PROVIDED RECORDS:
Lemma exists_le_iff_lt (xs : seq R) a :
  exists2 a', a' < a & {in xs, forall x, (x <= a') = (x < a)}.
Proof.
elim: xs => [|x xs [a' lt_a'a IH]]; first by exists (a - 1); rewrite // gtrBl ltr01.
have [lt_xa | le_ax] := ltP x a.
  exists (Num.max a' x); first by rewrite gt_max lt_a'a.
  move=> y; rewrite inE => /predU1P [-> | ys]; first by rewrite le_max lexx orbT.
  by rewrite le_max IH //; case: ltP => //= le_ay; rewrite leNgt (lt_le_trans lt_xa le_ay).
exists a' => // y; rewrite inE => /predU1P [-> | ]; last exact: IH.
by rewrite ltNge le_ax leNgt (lt_le_trans lt_a'a le_ax).
Qed.

Lemma exists_ub (xs : seq R) a : exists2 V, a <= V & {in xs, forall x, x <= V}.
Proof.
elim: xs => [|x xs [V le_aV IH]]; first by exists a.
exists (Num.max V x); first by rewrite le_max le_aV.
by move=> y; rewrite inE le_max => /predU1P [-> | /IH ->]; rewrite ?lexx ?orbT.
Qed.

Lemma count_point_finite s a a' y y' :
  {in s, forall z, (z.1 <= a') = (z.1 < a)} ->
  {in s, forall z w, z.2 = Some w -> (w <= y') = (w < y)} ->
  (count_mem (a, Some y) s + diagram_rank s a' y' + diagram_rank s a y =
   diagram_rank s a y' + diagram_rank s a' y)%N.
Proof.
elim: s => [//|[x w] s IH] births deaths.
have sub_s : {subset s <= (x, w) :: s} by move=> z zs; rewrite inE zs orbT.
have {IH} := IH (sub_in1 sub_s births) (sub_in1 sub_s deaths).
rewrite /diagram_rank /= (births (x, w)) ?mem_head //= xpair_eqE.
case: w {births sub_s} deaths => [w|] deaths /=; last by rewrite andbF; case: ltgtP; lia.
rewrite (ltNge y') (deaths (x, Some w)) ?mem_head // -leNgt -[Some w == _]/(w == y).
by case: (ltgtP x a); case: (ltgtP w y); lia.
Qed.
Definition tlen_moment p m : rat := \sum_(s in S_ m) (len s)%:R ^+ p.

Lemma tlen_momentS p m : (2 <= m < n)%N ->
  tlen_moment p m.+1 =
  tlen_moment p m + m%:R * \sum_(i < p.+1) 'C(p, i)%:R * tlen_moment i m.
Proof.
case/andP=> ge2_m lt_mn.
rewrite /tlen_moment (sum_SymS_tlen lt_mn (fun k => k%:R ^+ p)) //.
congr (_ + _ * _); under [RHS]eq_bigr do rewrite mulr_sumr.
rewrite [RHS]exchange_big; apply: eq_bigr => s _ /=.
rewrite -natr1 addrC exprDn; apply: eq_bigr => i _.
by rewrite expr1n mul1r mulr_natl.
Qed.

Lemma tlen_moment0 m : (2 <= m <= n)%N -> tlen_moment 0 m = m`!%:R.
Proof.
move: m; apply: (@nat_ind_from _ 2 n) => [|m m_range IHm].
  by rewrite /tlen_moment (sum_Sym2_tlen (fun k => k%:R ^+ 0)).
by rewrite tlen_momentS // big_ord_recr big_ord0 /= IHm bin0 factS natrM -natr1; ring.
Qed.

Lemma tlen_moment1 m :
  (2 <= m <= n)%N -> tlen_moment 1 m = m`!%:R * (m%:R - harm m - 1 / 2).
Proof.
move: m; apply: (@nat_ind_from _ 2 n) => [|m m_range IHm].
  rewrite /tlen_moment (sum_Sym2_tlen (fun k => k%:R ^+ 1)) (harmS 1) (harmS 0).
  by rewrite /harm big_geq.
have m_le : (2 <= m <= n)%N by case/andP: m_range => -> /ltnW.
rewrite tlen_momentS // !big_ord_recr big_ord0 /= IHm tlen_moment0 //.
rewrite harmS factS natrM -[m.+1%:R]natr1 bin0 binn.
by field; rewrite natr1 pnatr_eq0.
Qed.
(* For all $A,B\subseteq[n]$ the operators $\Gamma_A$ satisfy $$\{\Gamma_A,\Gamma_B\}=\Gamma_{(A\cup B)\setminus(A\cap B)}+2\,\Gamma_{A\cap B}\Gamma_{A\cup B}+2\,\Gamma_{A\setminus(A\cap B)}\Gamma_{B\setminus(A\cap B)},$$ where $\{X,Y\}=XY+YX$. (Here $\Gamma_\emptyset=-\tfrac12$ and $\Gamma_{\{k\}}=\mu_k$ are scalars.)
   Context: Fix $n\ge1$ and real parameters $\mu_1,\dots,\mu_n>0$; write $[n]=\{1,\dots,n\}$. For $i\in[n]$, $r_i$ is the reflection $(r_if)(x)=f(x_1,\dots,-x_i,\dots,x_n)$ and $T_i=\partial_{x_i}+\frac{\mu_i}{x_i}(1-r_i)$. $\mathcal{C}\ell_n$ is generated by $e_1,\dots,e_n$ with $e_ie_j+e_je_i=-2\delta_{ij}$, $V$ is a fixed left $\mathcal{C}\ell_n$-module, and operators act on $\mathcal{P}(\mathbb{R}^n)\otimes V$ with $x_i,T_i,r_i$ acting on the polynomial factor and $e_i$ on $V$. For $A\subseteq[n]$: $\underline{D}_A=\sum_{i\in A}e_iT_i$, $\underline{x}_A=\sum_{i\in A}e_ix_i$, $\underline{S}_A=\frac12([\underline{x}_A,\underline{D}_A]-1)$, $\Gamma_A=\underline{S}_A\prod_{i\in A}r_i$ (empty sums $0$, empty products $1$). *)

From HB Require Import structures.
From mathcomp Require Import all_boot all_order all_algebra.
Set Implicit Arguments. Unset Strict Implicit. Unset Printing Implicit Defensive.
Import Order.TTheory GRing.Theory Num.Theory.
Local Open Scope ring_scope.

(* Elements of P(R^n) (x) V are represented by their coefficient maps:
   f : mono n -> V, f beta = V-coefficient of the monomial x^beta.
   (Finite support is imposed as a hypothesis in the theorem.) *)
Definition mono (n : nat) := 'I_n -> nat.
Definition PV (n : nat) (V : Type) := mono n -> V.

Section Ops.
Variables (R : realFieldType) (n : nat) (V : lmodType R).
Variables (mu : 'I_n -> R) (e : 'I_n -> V -> V).

Definition shift_up (i : 'I_n) (b : mono n) : mono n :=
  fun j => if j == i then (b j).+1 else b j.
Definition shift_down (i : 'I_n) (b : mono n) : mono n :=
  fun j => if j == i then (b j).-1 else b j.

Definition padd (f g : PV n V) : PV n V := fun b => f b + g b.
Definition psub (f g : PV n V) : PV n V := fun b => f b - g b.
Definition pscale (a : R) (f : PV n V) : PV n V := fun b => a *: f b.

Definition mulx (i : 'I_n) (f : PV n V) : PV n V :=
  fun b => if (0 < b i)%N then f (shift_down i b) else 0.
Definition refl (i : 'I_n) (f : PV n V) : PV n V :=
  fun b => (-1) ^+ (b i) *: f b.
Definition pderiv (i : 'I_n) (f : PV n V) : PV n V :=
  fun b => (b i).+1%:R *: f (shift_up i b).
(* exact division by x_i (applied only to polynomials divisible by x_i) *)
Definition divx (i : 'I_n) (g : PV n V) : PV n V :=
  fun b => g (shift_up i b).
Definition dunkl (i : 'I_n) (f : PV n V) : PV n V :=
  padd (pderiv i f) (pscale (mu i) (divx i (psub f (refl i f)))).
Definition cl (i : 'I_n) (f : PV n V) : PV n V := fun b => e i (f b).

Definition DA (A : {set 'I_n}) (f : PV n V) : PV n V :=
  fun b => \sum_(i in A) cl i (dunkl i f) b.
Definition xA (A : {set 'I_n}) (f : PV n V) : PV n V :=
  fun b => \sum_(i in A) cl i (mulx i f) b.
Definition SA (A : {set 'I_n}) (f : PV n V) : PV n V :=
  pscale (2%:R)^-1 (psub (psub (xA A (DA A f)) (DA A (xA A f))) f).
Definition reflA (A : {set 'I_n}) (f : PV n V) : PV n V :=
  foldr refl f (enum A).
Definition Gamma (A : {set 'I_n}) (f : PV n V) : PV n V := SA A (reflA A f).

End Ops.

Definition finsupp (n : nat) (V : zmodType) (f : PV n V) : Prop :=
  exists N : nat, forall b : mono n, f b != 0 -> forall j, (b j < N)%N.

(* In the ring of additive operators on P(R^n) (x) V we have
   Gamma_X = S(x_X, D_X) R_X, where S(x, D) = 1/2 ([x, D] - 1) and R_X = prod_{i in X} r_i.
   Split A = P u C and B = C u Q with C = A n B.  On disjoint blocks x, D and R are additive
   resp. multiplicative, and S(x_X + x_Y, D_X + D_Y) = S_X + S_Y + 1/2 + x_X D_Y + x_Y D_X.
   As R_X anticommutes with x_X, D_X and commutes with the x, D of the other blocks, every
   reflection can be moved to the right, where they all collapse to R_P R_Q.  What remains is
   an identity in the algebra generated by three blocks whose x's and D's anticommute across
   blocks; within the block C it only needs the osp(1|2) relations
   {x_C, [x_C, D_C]} = 2 x_C and {D_C, [x_C, D_C]} = 2 D_C, i.e. that S_C anticommutes with
   x_C and D_C. *)

From HB Require Import structures.
From mathcomp Require Import all_boot all_order all_algebra.
From mathcomp Require Import ring.
From mathcomp Require boolp.
Import Order.TTheory GRing.Theory Num.Theory.
Set Implicit Arguments. Unset Strict Implicit. Unset Printing Implicit Defensive.
Local Open Scope ring_scope.
Local Notation comm := GRing.comm.

(* A reflective decision procedure for equalities in an additive group, with
   every subterm that is not a sum, an opposite or zero treated as an atom.
   Noncommutative ring identities are proved by expanding products and then
   calling [abel]. *)
Inductive zexpr := ZAtom of nat | ZAdd of zexpr & zexpr | ZOpp of zexpr | ZZero.

(* The coefficient of an atom, as a pair (positive part, negative part). *)
Fixpoint zcoef (k : nat) (t : zexpr) : nat * nat :=
  match t with
  | ZAtom j => if j == k then (1, 0)%N else (0, 0)%N
  | ZAdd a b => ((zcoef k a).1 + (zcoef k b).1, (zcoef k a).2 + (zcoef k b).2)%N
  | ZOpp a => ((zcoef k a).2, (zcoef k a).1)
  | ZZero => (0, 0)%N
  end.

Fixpoint zatoms_lt (N : nat) (t : zexpr) : bool :=
  match t with
  | ZAtom j => (j < N)%N
  | ZAdd a b => zatoms_lt N a && zatoms_lt N b
  | ZOpp a => zatoms_lt N a
  | ZZero => true
  end.

Definition zexpr_eqb (N : nat) (t1 t2 : zexpr) : bool :=
  [&& zatoms_lt N t1, zatoms_lt N t2 &
   all (fun k => (zcoef k t1).1 + (zcoef k t2).2 == (zcoef k t2).1 + (zcoef k t1).2)%N
       (iota 0 N)].

Section ZexprEval.
Variables (M : zmodType) (env : seq M).

Fixpoint zeval (t : zexpr) : M :=
  match t with
  | ZAtom k => nth 0 env k
  | ZAdd a b => zeval a + zeval b
  | ZOpp a => - zeval a
  | ZZero => 0
  end.

Let zcoefz (pq : nat * nat) : int := (pq.1)%:Z - (pq.2)%:Z.

Lemma zeval_sum N t : zatoms_lt N t ->
  zeval t = \sum_(k < N) nth 0 env k *~ zcoefz (zcoef k t).
Proof.
elim: t => [j|a iha b ihb|a iha|] /=.
- move=> hj; rewrite (bigD1 (Ordinal hj)) //= eqxx /zcoefz /= mulr1z big1 ?addr0 //.
  by move=> k /negbTE; rewrite -val_eqE /= eq_sym => ->; rewrite /zcoefz /= mulr0z.
- case/andP=> ha hb; rewrite iha // ihb // -big_split /=; apply: eq_bigr => k _.
  by rewrite -mulrzDr /zcoefz /= !PoszD opprD addrACA.
- move=> ha; rewrite iha // -sumrN; apply: eq_bigr => k _.
  by rewrite -mulrNz /zcoefz /= opprB.
- by move=> _; rewrite big1 // => k _; rewrite /zcoefz /= mulr0z.
Qed.

Lemma zexpr_eqbP N t1 t2 : zexpr_eqb N t1 t2 -> zeval t1 = zeval t2.
Proof.
case/and3P=> h1 h2 /allP hcoef; rewrite (zeval_sum h1) (zeval_sum h2).
apply: eq_bigr => k _; congr (_ *~ _).
have := hcoef k; rewrite mem_iota add0n ltn_ord => /(_ isT) /eqP E.
rewrite /zcoefz; apply/eqP; rewrite subr_eq addrAC eq_sym subr_eq -!PoszD.
by rewrite addnC E addnC.
Qed.

End ZexprEval.

Ltac zconv_test t u :=
  constr:(ltac:(first [unify t u; exact true | exact false]) : bool).

Ltac zatom_insert t l :=
  lazymatch l with
  | @nil ?T => constr:(@cons T t (@nil T))
  | @cons ?T ?u ?l' =>
    let b := zconv_test t u in
    lazymatch b with
    | true => l
    | false => let l'' := zatom_insert t l' in constr:(@cons T u l'')
    end
  end.

Ltac zatoms t l :=
  lazymatch t with
  | GRing.add ?a ?b => let l := zatoms a l in zatoms b l
  | GRing.opp ?a => zatoms a l
  | GRing.zero => l
  | _ => zatom_insert t l
  end.

Ltac zatom_index t l :=
  lazymatch l with
  | cons ?u ?l' =>
    let b := zconv_test t u in
    lazymatch b with
    | true => constr:(0%N)
    | false => let k := zatom_index t l' in constr:(S k)
    end
  end.

Ltac zreify t l :=
  lazymatch t with
  | GRing.add ?a ?b =>
    let ra := zreify a l in let rb := zreify b l in constr:(ZAdd ra rb)
  | GRing.opp ?a => let ra := zreify a l in constr:(ZOpp ra)
  | GRing.zero => constr:(ZZero)
  | _ => let k := zatom_index t l in constr:(ZAtom k)
  end.

Ltac abel :=
  lazymatch goal with
  | |- @eq ?T ?t1 ?t2 =>
    let l := zatoms t1 (@nil T) in
    let l := zatoms t2 l in
    let r1 := zreify t1 l in
    let r2 := zreify t2 l in
    change (zeval l r1 = zeval l r2);
    apply: (@zexpr_eqbP _ l (size l)); vm_compute; reflexivity
  end.

Ltac expand_products :=
  do 4 rewrite ?mulrDl ?mulrDr ?mulrBl ?mulrBr ?mulNr ?mulrN ?opprK ?opprD ?opprB
               ?mulrA ?mul1r ?mulr1 ?mul0r ?mulr0.

Section Anticommutation.
Variable Rg : pzRingType.
Implicit Types a b c e m x y z : Rg.

Definition anticomm x y := x * y = - (y * x).

Lemma anticommr_sym x y : anticomm x y -> anticomm y x.
Proof. by rewrite /anticomm => ->; rewrite opprK. Qed.

Lemma anticommr0 x : anticomm x 0.
Proof. by rewrite /anticomm mulr0 mul0r oppr0. Qed.

Lemma anticommrN x y : anticomm x y -> anticomm x (- y).
Proof. by rewrite /anticomm => hy; rewrite mulrN mulNr hy. Qed.

Lemma anticommrD x y z : anticomm x y -> anticomm x z -> anticomm x (y + z).
Proof. by rewrite /anticomm => hy hz; rewrite mulrDr mulrDl hy hz opprD. Qed.

Lemma anticommrB x y z : anticomm x y -> anticomm x z -> anticomm x (y - z).
Proof. by move=> hy hz; apply/anticommrD/anticommrN. Qed.

Lemma anticommr_sum (I : Type) (s : seq I) (P : pred I) (F : I -> Rg) x :
  (forall i, P i -> anticomm x (F i)) -> anticomm x (\sum_(i <- s | P i) F i).
Proof.
by move=> hF; apply: (big_ind (anticomm x)) => //; [exact: anticommr0 | exact: anticommrD].
Qed.

Lemma anticomm_sum (I : Type) (s1 s2 : seq I) (P Q : pred I) (F G : I -> Rg) :
  (forall i j, P i -> Q j -> anticomm (F i) (G j)) ->
  anticomm (\sum_(i <- s1 | P i) F i) (\sum_(j <- s2 | Q j) G j).
Proof.
move=> hFG; apply/anticommr_sym/anticommr_sum => j Qj.
by apply/anticommr_sym/anticommr_sum => i Pi; apply: hFG.
Qed.

Lemma commr_antiM x y z : anticomm x y -> anticomm x z -> comm x (y * z).
Proof.
by rewrite /comm /anticomm => hy hz; rewrite mulrA hy mulNr -mulrA hz mulrN opprK mulrA.
Qed.

Lemma anticommrMl x y z : anticomm x y -> comm x z -> anticomm x (y * z).
Proof. by rewrite /comm /anticomm => hy hz; rewrite mulrA hy mulNr -mulrA hz mulrA. Qed.

Lemma anticommrMr x y z : comm x y -> anticomm x z -> anticomm x (y * z).
Proof. by rewrite /comm /anticomm => hy hz; rewrite mulrA hy -mulrA hz mulrN mulrA. Qed.

Lemma mulr_comm_anticomm x y z : comm x y -> anticomm x z -> x * (y + z) = (y - z) * x.
Proof. by rewrite /comm /anticomm => hy hz; rewrite mulrDr hy hz mulrBl. Qed.

Lemma mulr_swap_mid x y z r r' : r * y = z * r -> (x * r) * (y * r') = (x * z) * (r * r').
Proof. by move=> hr; rewrite mulrA -[x * r * y]mulrA hr !mulrA. Qed.

Lemma mulr_anticommA m x y : anticomm x y -> m * x * y = - (m * y * x).
Proof. by rewrite /anticomm => hxy; rewrite -mulrA hxy mulrN mulrA. Qed.
(* Fix the orthonormal basis $\{|0\rangle,|1\rangle\}$ of $\mathbb{C}^2$ and, for a Hermitian operator $X$ on $\mathbb{C}^2$, let $C(X):=\big\|X-\sum_{i\in\{0,1\}}\langle i|X|i\rangle\,|i\rangle\langle i|\big\|_1$ (trace norm). For every $\varepsilon>0$ there exist a finite set $\mathcal{S}$ of qubit density operators and a finite set of qubit POVMs, with $\mathcal{E}$ the set of all their POVM elements, such that: (i) $C(X)\le\varepsilon$ for every $X\in\mathcal{S}\cup\mathcal{E}$; (ii) $C(\rho)>0$ for some $\rho\in\mathcal{S}$ and $C(E)>0$ for some $E\in\mathcal{E}$; and (iii) the prepare-and-measure scenario $(\mathcal{S},\mathcal{E})$ admits no noncontextual ontological model.
   Context: A noncontextual ontological model for a quantum prepare-and-measure scenario consisting of a finite set $\mathcal{S}$ of density operators and a finite set $\mathcal{E}$ of effects (the elements of finitely many POVMs) is: a finite set $\Lambda$; a map $\rho\mapsto\mu_\rho$ from the convex hull of $\mathcal{S}$ to probability distributions on $\Lambda$ that is convex-linear (so it depends only on the operator, not on how it is decomposed as a mixture); and a map $E\mapsto\xi_E$ from the convex hull of $\mathcal{E}\cup\{0,\mathbb{1}\}$ to functions $\Lambda\to[0,1]$ that is convex-linear with $\xi_{\mathbb{1}}\equiv 1$; such that $\mathrm{Tr}(E\rho)=\sum_{\lambda\in\Lambda}\xi_E(\lambda)\mu_\rho(\lambda)$ for all $\rho\in\mathcal{S}$, $E\in\mathcal{E}$. (Equivalently, the associated GPT fragment is simplex-embeddable.) *)

From HB Require Import structures.
From mathcomp Require Import all_boot all_order all_algebra.
From mathcomp Require Import sesquilinear spectral.
From mathcomp Require Import complex.
From mathcomp Require Import reals.
Set Implicit Arguments. Unset Strict Implicit. Unset Printing Implicit Defensive.
Import Order.TTheory GRing.Theory Num.Theory.
Local Open Scope ring_scope.
Local Open Scope sesquilinear_scope.
Local Open Scope complex_scope.

Section Qubit.
Variable R : realType.
Local Notation C := (R[i]).
Local Notation M := ('M[C]_2).

Definition adj m n (A : 'M[C]_(m, n)) : 'M[C]_(n, m) := (A ^t Num.conj_op).

Definition hermitian (A : M) : Prop := adj A = A.

Definition psd (A : M) : Prop :=
  hermitian A /\ forall v : 'cV[C]_2, 0 <= ((adj v) *m A *m v) 0 0.

Definition density (A : M) : Prop := psd A /\ \tr A = 1.

Definition povm (P : seq M) : Prop :=
  (forall E, E \in P -> psd E) /\ \sum_(E <- P) E = 1%:M.

(* Trace norm of a Hermitian (more generally normal) matrix: the sum of the
   absolute values of its eigenvalues, read off its spectral (Schur)
   decomposition A = U^-1 diag(d) U with U unitary. *)
Definition trnorm (A : M) : R :=
  complex.Re (\sum_(j < 2) `|spectral_diag A 0 j|).

Definition dephase (X : M) : M := \matrix_(i, j) (if i == j then X i j else 0).

Definition coh (X : M) : R := trnorm (X - dephase X).

Definition in_hull (s : seq M) (A : M) : Prop :=
  exists w : 'I_(size s) -> R,
    (forall k, 0 <= w k) /\ \sum_k w k = 1 /\
    A = \sum_k (w k)%:C *: s`_k.

Definition nc_model (S E : seq M) : Prop :=
  exists (L : finType) (mu : M -> L -> R) (xi : M -> L -> R),
    (forall rho, in_hull S rho ->
       (forall l, 0 <= mu rho l) /\ \sum_l mu rho l = 1) /\
    (forall rho1 rho2 (p : R), in_hull S rho1 -> in_hull S rho2 ->
       0 <= p <= 1 ->
       forall l, mu (p%:C *: rho1 + (1 - p)%:C *: rho2) l
                 = p * mu rho1 l + (1 - p) * mu rho2 l) /\
    (forall F, in_hull (0 :: 1%:M :: E) F ->
       forall l, 0 <= xi F l <= 1) /\
    (forall F1 F2 (p : R), in_hull (0 :: 1%:M :: E) F1 ->
       in_hull (0 :: 1%:M :: E) F2 -> 0 <= p <= 1 ->
       forall l, xi (p%:C *: F1 + (1 - p)%:C *: F2) l
                 = p * xi F1 l + (1 - p) * xi F2 l) /\
    (forall l, xi 1%:M l = 1) /\
    (forall rho F, rho \in S -> F \in E ->
       \tr (F *m rho) = (\sum_l xi F l * mu rho l)%:C).
End Qubit.
(* Let $L$ be a left adequate semigroup and $R$ a right adequate semigroup with a common quasi-ideal adequate transversal $S^0$. Let $L|\times|R=\{(x,a)\in L\times R:\overline{x}=\overline{a}\}$ with multiplication $(x,a)(y,b)=(x\overline{y},\,\overline{a}b)=(x\overline{b},\,\overline{x}b)$. Then $L|\times|R$ is a quasi-adequate semigroup with an admissible, quasi-ideal adequate transversal isomorphic to $S^0$. Moreover every quasi-adequate semigroup with an admissible, quasi-ideal adequate transversal can be constructed (up to isomorphism) in this way.
   Context: For a semigroup $S$, $S^1$ is $S$ with an identity adjoined, $\mathcal{L},\mathcal{R}$ Green's relations. $\mathcal{R}^\ast=\{(a,b):\forall x,y\in S^1,\ xa=ya\iff xb=yb\}$, $\mathcal{L}^\ast=\{(a,b):\forall x,y\in S^1,\ ax=ay\iff bx=by\}$. $S$ is abundant if each $\mathcal{R}^\ast$- and $\mathcal{L}^\ast$-class contains an idempotent; adequate if also idempotents commute (then $a^+$, $a^\ast$ denote the unique idempotents $\mathcal{R}^\ast$-, resp. $\mathcal{L}^\ast$-related to $a$); left adequate (right adequate) if abundant and every $\mathcal{R}^\ast$-class (every $\mathcal{L}^\ast$-class) contains a unique idempotent. An abundant subsemigroup $U$ of abundant $S$ is a $\ast$-subsemigroup if $\mathcal{L}^\ast(U)=\mathcal{L}^\ast(S)\cap(U\times U)$, $\mathcal{R}^\ast(U)=\mathcal{R}^\ast(S)\cap(U\times U)$. An adequate $\ast$-subsemigroup $S^0$ of abundant $S$ is an adequate transversal if each $x\in S$ has a unique $\overline{x}\in S^0$ and idempotents $e,f$ with $x=e\overline{x}f$, $e\,\mathcal{L}\,\overline{x}^+$, $f\,\mathcal{R}\,\overline{x}^\ast$. It is a quasi-ideal if $S^0SS^0\subseteq S^0$, and (when $S$ is quasi-adequate, i.e. abundant with idempotents forming a subsemigroup) admissible if $\overline{xy}=\overline{x}\,\overline{y}$ for all $x,y$. ''Common quasi-ideal adequate transversal'' means $S^0$ is a subsemigroup of both $L$ and $R$ and is a quasi-ideal adequate transversal of each; $\overline{x}$ for $x\in L$ is computed in $L$, for $a\in R$ in $R$. *)

From Stdlib Require Import ClassicalDescription.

DIRECTIONS:
Could you please retype the lines from the start of the data through the line with "tlen_moment p m.+1", both included, and nothing else?

RESULT OF THIS EXERCISE:
Lemma exists_le_iff_lt (xs : seq R) a :
  exists2 a', a' < a & {in xs, forall x, (x <= a') = (x < a)}.
Proof.
elim: xs => [|x xs [a' lt_a'a IH]]; first by exists (a - 1); rewrite // gtrBl ltr01.
have [lt_xa | le_ax] := ltP x a.
  exists (Num.max a' x); first by rewrite gt_max lt_a'a.
  move=> y; rewrite inE => /predU1P [-> | ys]; first by rewrite le_max lexx orbT.
  by rewrite le_max IH //; case: ltP => //= le_ay; rewrite leNgt (lt_le_trans lt_xa le_ay).
exists a' => // y; rewrite inE => /predU1P [-> | ]; last exact: IH.
by rewrite ltNge le_ax leNgt (lt_le_trans lt_a'a le_ax).
Qed.

Lemma exists_ub (xs : seq R) a : exists2 V, a <= V & {in xs, forall x, x <= V}.
Proof.
elim: xs => [|x xs [V le_aV IH]]; first by exists a.
exists (Num.max V x); first by rewrite le_max le_aV.
by move=> y; rewrite inE le_max => /predU1P [-> | /IH ->]; rewrite ?lexx ?orbT.
Qed.

Lemma count_point_finite s a a' y y' :
  {in s, forall z, (z.1 <= a') = (z.1 < a)} ->
  {in s, forall z w, z.2 = Some w -> (w <= y') = (w < y)} ->
  (count_mem (a, Some y) s + diagram_rank s a' y' + diagram_rank s a y =
   diagram_rank s a y' + diagram_rank s a' y)%N.
Proof.
elim: s => [//|[x w] s IH] births deaths.
have sub_s : {subset s <= (x, w) :: s} by move=> z zs; rewrite inE zs orbT.
have {IH} := IH (sub_in1 sub_s births) (sub_in1 sub_s deaths).
rewrite /diagram_rank /= (births (x, w)) ?mem_head //= xpair_eqE.
case: w {births sub_s} deaths => [w|] deaths /=; last by rewrite andbF; case: ltgtP; lia.
rewrite (ltNge y') (deaths (x, Some w)) ?mem_head // -leNgt -[Some w == _]/(w == y).
by case: (ltgtP x a); case: (ltgtP w y); lia.
Qed.
Definition tlen_moment p m : rat := \sum_(s in S_ m) (len s)%:R ^+ p.

Lemma tlen_momentS p m : (2 <= m < n)%N ->
  tlen_moment p m.+1 =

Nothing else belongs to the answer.